BRIEF:
Below are entries. Reproduce exactly the lines between the line holding "by (apply is_derive_Reals, derivable_pt_lim_power;" and the line holding "simpl in h; unfold scal, opp, one", inclusive, and only those.
[Opening THE DATA section]
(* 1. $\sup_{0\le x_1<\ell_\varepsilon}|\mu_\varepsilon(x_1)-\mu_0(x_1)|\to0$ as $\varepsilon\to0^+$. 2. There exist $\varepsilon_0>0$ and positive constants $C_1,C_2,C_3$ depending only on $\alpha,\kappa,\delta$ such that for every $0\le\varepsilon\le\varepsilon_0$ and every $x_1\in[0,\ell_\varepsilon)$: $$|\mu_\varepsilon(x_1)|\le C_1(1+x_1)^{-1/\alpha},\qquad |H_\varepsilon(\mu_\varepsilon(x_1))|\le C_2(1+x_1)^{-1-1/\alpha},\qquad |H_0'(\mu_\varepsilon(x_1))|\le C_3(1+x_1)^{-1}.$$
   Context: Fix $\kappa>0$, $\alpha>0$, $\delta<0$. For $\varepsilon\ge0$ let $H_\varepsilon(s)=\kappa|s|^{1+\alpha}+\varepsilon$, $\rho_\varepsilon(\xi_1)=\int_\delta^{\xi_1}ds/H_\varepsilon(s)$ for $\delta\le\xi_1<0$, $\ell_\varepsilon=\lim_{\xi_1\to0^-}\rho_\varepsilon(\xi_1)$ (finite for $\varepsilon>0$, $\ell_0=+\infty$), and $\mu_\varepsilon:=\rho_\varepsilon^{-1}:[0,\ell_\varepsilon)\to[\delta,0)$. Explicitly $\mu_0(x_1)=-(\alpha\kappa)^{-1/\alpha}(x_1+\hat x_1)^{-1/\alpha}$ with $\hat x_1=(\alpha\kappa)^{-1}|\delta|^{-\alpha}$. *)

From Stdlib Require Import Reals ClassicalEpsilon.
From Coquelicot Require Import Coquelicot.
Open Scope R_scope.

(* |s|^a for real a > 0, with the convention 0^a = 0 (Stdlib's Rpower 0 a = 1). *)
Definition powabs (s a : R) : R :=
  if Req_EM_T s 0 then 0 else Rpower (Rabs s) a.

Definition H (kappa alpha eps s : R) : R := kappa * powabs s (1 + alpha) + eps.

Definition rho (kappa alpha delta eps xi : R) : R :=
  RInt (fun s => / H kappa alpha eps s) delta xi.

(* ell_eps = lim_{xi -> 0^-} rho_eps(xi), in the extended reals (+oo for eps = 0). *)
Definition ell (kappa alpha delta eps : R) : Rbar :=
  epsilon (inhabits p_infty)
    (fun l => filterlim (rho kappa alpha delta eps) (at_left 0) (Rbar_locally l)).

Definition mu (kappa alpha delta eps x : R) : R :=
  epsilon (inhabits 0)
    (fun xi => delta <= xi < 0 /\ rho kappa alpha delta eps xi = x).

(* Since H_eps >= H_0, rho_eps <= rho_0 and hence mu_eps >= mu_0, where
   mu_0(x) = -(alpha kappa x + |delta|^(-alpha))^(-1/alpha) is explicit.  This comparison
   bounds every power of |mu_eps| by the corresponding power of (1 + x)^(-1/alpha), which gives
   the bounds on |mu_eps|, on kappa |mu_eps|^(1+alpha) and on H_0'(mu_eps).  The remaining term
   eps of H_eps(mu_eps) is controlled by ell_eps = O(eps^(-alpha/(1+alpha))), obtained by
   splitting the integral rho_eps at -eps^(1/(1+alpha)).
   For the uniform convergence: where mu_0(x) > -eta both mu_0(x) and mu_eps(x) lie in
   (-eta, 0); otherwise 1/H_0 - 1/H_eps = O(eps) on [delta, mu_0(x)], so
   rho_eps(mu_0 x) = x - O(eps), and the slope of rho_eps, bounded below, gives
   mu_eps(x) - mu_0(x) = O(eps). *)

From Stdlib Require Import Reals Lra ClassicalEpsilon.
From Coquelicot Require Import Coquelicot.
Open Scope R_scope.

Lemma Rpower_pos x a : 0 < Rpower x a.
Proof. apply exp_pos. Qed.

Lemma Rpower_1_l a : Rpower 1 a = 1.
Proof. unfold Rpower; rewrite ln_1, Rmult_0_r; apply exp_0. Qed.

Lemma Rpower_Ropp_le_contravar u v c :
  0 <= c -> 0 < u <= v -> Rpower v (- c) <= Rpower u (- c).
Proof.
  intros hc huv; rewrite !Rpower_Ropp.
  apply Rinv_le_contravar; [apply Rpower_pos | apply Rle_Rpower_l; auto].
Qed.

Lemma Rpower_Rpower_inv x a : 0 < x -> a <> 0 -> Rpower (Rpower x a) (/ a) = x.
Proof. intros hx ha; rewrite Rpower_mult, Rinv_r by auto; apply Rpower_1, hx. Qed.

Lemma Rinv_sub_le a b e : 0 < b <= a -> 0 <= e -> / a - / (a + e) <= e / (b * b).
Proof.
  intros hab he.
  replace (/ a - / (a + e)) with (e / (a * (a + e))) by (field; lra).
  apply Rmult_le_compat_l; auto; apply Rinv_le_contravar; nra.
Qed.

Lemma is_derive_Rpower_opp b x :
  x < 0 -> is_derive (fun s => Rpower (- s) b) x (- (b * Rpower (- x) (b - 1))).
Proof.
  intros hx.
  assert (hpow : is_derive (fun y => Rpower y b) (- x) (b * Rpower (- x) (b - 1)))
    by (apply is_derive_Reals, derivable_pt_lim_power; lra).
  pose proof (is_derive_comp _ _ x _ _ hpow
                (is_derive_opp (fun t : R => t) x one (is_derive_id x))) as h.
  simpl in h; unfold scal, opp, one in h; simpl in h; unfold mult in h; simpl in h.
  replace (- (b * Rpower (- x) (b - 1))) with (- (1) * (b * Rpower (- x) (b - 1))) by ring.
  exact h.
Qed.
[Closing THE DATA section]
[Opening THE DATA section]
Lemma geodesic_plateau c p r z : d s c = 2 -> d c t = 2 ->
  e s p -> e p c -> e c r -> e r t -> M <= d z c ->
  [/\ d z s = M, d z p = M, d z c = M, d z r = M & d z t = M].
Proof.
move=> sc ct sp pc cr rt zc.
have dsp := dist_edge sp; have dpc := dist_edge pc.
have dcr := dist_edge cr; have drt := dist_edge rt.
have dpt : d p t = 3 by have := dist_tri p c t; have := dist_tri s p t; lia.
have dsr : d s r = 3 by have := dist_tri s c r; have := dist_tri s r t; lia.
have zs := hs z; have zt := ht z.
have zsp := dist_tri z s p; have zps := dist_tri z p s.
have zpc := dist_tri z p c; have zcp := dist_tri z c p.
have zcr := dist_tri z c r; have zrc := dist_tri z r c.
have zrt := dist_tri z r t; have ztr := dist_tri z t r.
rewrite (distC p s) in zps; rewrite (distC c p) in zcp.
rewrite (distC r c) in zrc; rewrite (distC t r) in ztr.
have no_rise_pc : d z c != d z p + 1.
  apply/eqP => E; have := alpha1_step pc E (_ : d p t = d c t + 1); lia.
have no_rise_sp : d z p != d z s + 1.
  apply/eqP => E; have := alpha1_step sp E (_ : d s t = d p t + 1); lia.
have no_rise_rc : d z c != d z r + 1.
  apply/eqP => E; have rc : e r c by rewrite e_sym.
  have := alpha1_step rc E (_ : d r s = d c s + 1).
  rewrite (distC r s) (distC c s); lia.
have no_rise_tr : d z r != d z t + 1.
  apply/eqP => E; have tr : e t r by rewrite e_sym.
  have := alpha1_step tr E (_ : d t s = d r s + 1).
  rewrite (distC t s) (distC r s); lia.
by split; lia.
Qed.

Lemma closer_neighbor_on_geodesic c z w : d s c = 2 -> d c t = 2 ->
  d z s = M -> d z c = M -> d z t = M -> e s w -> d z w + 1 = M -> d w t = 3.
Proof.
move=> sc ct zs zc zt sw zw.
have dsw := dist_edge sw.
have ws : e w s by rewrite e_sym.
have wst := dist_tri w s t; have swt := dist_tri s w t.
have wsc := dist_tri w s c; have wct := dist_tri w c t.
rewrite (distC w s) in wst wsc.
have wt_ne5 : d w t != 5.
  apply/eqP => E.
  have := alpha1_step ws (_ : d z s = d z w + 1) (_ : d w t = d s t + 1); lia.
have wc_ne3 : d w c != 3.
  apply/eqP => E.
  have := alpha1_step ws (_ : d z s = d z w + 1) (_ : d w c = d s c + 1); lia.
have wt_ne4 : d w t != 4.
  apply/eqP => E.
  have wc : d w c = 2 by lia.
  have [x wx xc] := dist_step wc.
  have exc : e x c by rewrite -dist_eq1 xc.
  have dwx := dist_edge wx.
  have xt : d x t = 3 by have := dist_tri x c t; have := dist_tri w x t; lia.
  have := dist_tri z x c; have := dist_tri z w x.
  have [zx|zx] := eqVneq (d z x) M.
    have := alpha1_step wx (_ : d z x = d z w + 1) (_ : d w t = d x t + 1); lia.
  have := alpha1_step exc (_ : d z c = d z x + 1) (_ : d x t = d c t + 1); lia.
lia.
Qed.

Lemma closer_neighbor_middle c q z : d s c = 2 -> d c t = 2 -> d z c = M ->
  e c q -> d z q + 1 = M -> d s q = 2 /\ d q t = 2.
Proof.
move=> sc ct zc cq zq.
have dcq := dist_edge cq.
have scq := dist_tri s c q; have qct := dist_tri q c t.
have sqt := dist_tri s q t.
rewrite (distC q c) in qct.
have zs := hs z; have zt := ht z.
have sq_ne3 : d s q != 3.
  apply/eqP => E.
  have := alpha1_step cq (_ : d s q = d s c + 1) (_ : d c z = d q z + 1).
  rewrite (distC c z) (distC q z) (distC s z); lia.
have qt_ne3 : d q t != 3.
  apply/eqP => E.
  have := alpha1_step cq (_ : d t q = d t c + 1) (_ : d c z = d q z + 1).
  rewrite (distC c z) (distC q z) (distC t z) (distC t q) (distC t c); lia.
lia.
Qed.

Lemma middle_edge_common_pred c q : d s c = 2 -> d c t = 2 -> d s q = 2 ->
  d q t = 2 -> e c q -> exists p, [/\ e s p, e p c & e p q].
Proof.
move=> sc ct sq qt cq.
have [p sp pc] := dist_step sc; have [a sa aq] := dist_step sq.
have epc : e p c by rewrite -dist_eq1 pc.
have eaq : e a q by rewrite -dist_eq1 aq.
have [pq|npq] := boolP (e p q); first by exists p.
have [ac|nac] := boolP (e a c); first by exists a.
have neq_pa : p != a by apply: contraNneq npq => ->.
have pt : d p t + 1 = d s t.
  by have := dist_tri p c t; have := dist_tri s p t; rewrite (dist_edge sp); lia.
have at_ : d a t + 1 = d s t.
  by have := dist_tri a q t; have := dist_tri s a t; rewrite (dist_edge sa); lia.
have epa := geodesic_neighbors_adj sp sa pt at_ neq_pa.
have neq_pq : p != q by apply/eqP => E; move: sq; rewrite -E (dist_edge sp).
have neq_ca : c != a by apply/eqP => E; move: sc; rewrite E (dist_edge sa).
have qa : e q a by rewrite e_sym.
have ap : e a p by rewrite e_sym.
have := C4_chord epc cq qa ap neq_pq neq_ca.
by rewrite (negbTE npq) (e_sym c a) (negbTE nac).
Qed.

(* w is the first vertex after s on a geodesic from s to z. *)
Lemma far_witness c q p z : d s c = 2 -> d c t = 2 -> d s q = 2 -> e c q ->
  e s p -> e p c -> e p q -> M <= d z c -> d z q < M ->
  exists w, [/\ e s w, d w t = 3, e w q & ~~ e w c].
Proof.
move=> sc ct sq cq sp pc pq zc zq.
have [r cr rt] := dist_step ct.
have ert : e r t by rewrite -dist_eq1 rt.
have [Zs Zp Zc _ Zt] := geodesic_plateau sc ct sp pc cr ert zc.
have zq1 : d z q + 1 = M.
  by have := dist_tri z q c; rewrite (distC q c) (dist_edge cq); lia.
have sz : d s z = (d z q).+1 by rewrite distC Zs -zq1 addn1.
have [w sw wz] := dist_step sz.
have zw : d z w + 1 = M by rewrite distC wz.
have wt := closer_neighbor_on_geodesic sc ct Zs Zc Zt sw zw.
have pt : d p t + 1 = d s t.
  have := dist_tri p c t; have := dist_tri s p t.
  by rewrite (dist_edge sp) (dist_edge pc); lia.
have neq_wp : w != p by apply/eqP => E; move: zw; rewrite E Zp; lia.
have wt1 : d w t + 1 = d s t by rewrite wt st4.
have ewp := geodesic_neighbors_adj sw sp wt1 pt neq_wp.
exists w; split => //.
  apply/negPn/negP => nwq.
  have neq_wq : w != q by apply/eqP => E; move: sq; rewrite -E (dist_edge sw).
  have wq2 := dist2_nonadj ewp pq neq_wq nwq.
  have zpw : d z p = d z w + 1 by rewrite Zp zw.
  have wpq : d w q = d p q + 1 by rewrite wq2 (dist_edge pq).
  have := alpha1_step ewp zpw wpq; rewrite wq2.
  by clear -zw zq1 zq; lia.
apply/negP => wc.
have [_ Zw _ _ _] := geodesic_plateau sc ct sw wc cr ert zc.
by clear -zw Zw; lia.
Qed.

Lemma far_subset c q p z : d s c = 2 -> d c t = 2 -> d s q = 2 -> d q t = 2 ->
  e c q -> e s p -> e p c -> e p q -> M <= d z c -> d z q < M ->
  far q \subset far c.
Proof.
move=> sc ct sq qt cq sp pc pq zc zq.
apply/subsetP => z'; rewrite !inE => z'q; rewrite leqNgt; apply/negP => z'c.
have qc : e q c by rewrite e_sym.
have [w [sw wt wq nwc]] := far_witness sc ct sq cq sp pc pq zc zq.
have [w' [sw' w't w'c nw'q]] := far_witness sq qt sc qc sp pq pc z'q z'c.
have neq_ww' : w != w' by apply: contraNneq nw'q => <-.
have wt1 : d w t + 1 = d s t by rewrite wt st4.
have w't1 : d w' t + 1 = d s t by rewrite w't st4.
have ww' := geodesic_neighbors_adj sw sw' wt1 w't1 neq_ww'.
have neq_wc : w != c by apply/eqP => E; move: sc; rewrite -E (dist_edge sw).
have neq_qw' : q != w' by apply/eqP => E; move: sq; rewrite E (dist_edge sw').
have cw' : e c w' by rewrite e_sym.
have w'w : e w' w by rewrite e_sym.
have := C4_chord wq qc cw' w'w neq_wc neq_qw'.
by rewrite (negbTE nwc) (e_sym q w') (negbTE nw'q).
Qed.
[Closing THE DATA section]
[Opening THE DATA section]
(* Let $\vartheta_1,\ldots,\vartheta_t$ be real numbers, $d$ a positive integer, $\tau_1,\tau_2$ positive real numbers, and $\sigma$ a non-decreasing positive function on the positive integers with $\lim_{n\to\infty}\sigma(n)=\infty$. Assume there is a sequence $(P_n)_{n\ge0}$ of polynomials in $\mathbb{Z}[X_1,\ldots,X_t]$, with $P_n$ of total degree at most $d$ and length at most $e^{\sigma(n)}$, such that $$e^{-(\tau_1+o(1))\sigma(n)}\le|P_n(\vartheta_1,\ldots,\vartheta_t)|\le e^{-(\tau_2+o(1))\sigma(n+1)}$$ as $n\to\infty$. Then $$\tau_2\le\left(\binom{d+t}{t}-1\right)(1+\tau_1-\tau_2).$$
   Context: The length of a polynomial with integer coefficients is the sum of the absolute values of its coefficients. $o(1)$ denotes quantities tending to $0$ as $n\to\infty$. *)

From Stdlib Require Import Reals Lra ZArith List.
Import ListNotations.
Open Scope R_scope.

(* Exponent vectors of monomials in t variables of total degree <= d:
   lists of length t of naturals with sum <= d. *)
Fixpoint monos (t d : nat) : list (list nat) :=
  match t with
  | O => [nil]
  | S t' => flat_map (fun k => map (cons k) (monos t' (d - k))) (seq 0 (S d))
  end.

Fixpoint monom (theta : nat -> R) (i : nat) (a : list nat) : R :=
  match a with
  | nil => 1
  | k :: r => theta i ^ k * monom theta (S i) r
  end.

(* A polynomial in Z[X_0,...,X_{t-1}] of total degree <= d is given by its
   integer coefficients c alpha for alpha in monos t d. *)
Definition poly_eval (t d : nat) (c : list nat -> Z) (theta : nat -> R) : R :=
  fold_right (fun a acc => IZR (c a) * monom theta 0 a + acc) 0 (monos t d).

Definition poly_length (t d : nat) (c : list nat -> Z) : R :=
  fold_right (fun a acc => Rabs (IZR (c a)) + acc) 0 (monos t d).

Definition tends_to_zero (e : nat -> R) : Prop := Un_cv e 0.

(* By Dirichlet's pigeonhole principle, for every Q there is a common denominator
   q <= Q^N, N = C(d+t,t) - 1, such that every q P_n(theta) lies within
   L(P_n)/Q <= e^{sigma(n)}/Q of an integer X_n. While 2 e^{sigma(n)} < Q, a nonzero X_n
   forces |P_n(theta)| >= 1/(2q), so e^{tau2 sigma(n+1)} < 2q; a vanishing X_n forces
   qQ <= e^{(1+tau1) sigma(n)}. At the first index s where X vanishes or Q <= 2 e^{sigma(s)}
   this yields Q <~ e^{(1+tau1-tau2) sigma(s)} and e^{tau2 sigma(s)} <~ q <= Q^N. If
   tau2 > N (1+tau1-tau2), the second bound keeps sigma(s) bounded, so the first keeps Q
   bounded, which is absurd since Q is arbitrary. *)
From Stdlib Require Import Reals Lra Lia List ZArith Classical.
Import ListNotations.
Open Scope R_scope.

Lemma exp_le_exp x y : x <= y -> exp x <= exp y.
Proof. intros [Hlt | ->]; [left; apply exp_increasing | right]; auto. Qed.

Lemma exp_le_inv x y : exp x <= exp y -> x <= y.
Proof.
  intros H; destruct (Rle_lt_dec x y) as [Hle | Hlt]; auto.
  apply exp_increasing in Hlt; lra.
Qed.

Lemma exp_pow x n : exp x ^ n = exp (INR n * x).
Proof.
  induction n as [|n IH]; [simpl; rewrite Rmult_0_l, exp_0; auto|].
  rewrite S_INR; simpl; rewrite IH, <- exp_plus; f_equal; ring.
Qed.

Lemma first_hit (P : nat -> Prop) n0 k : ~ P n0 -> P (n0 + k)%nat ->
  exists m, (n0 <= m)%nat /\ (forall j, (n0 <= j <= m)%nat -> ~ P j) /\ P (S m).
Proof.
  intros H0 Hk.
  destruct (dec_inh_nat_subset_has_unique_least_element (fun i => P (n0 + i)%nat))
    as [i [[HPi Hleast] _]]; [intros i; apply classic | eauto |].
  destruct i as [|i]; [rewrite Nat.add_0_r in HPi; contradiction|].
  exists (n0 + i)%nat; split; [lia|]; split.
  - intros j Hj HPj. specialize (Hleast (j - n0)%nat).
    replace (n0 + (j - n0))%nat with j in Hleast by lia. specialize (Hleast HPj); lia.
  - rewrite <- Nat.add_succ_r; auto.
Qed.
[Closing THE DATA section]
SOLUTION:
    by (apply is_derive_Reals, derivable_pt_lim_power; lra).
  pose proof (is_derive_comp _ _ x _ _ hpow
                (is_derive_opp (fun t : R => t) x one (is_derive_id x))) as h.
  simpl in h; unfold scal, opp, one in h; simpl in h; unfold mult in h; simpl in h.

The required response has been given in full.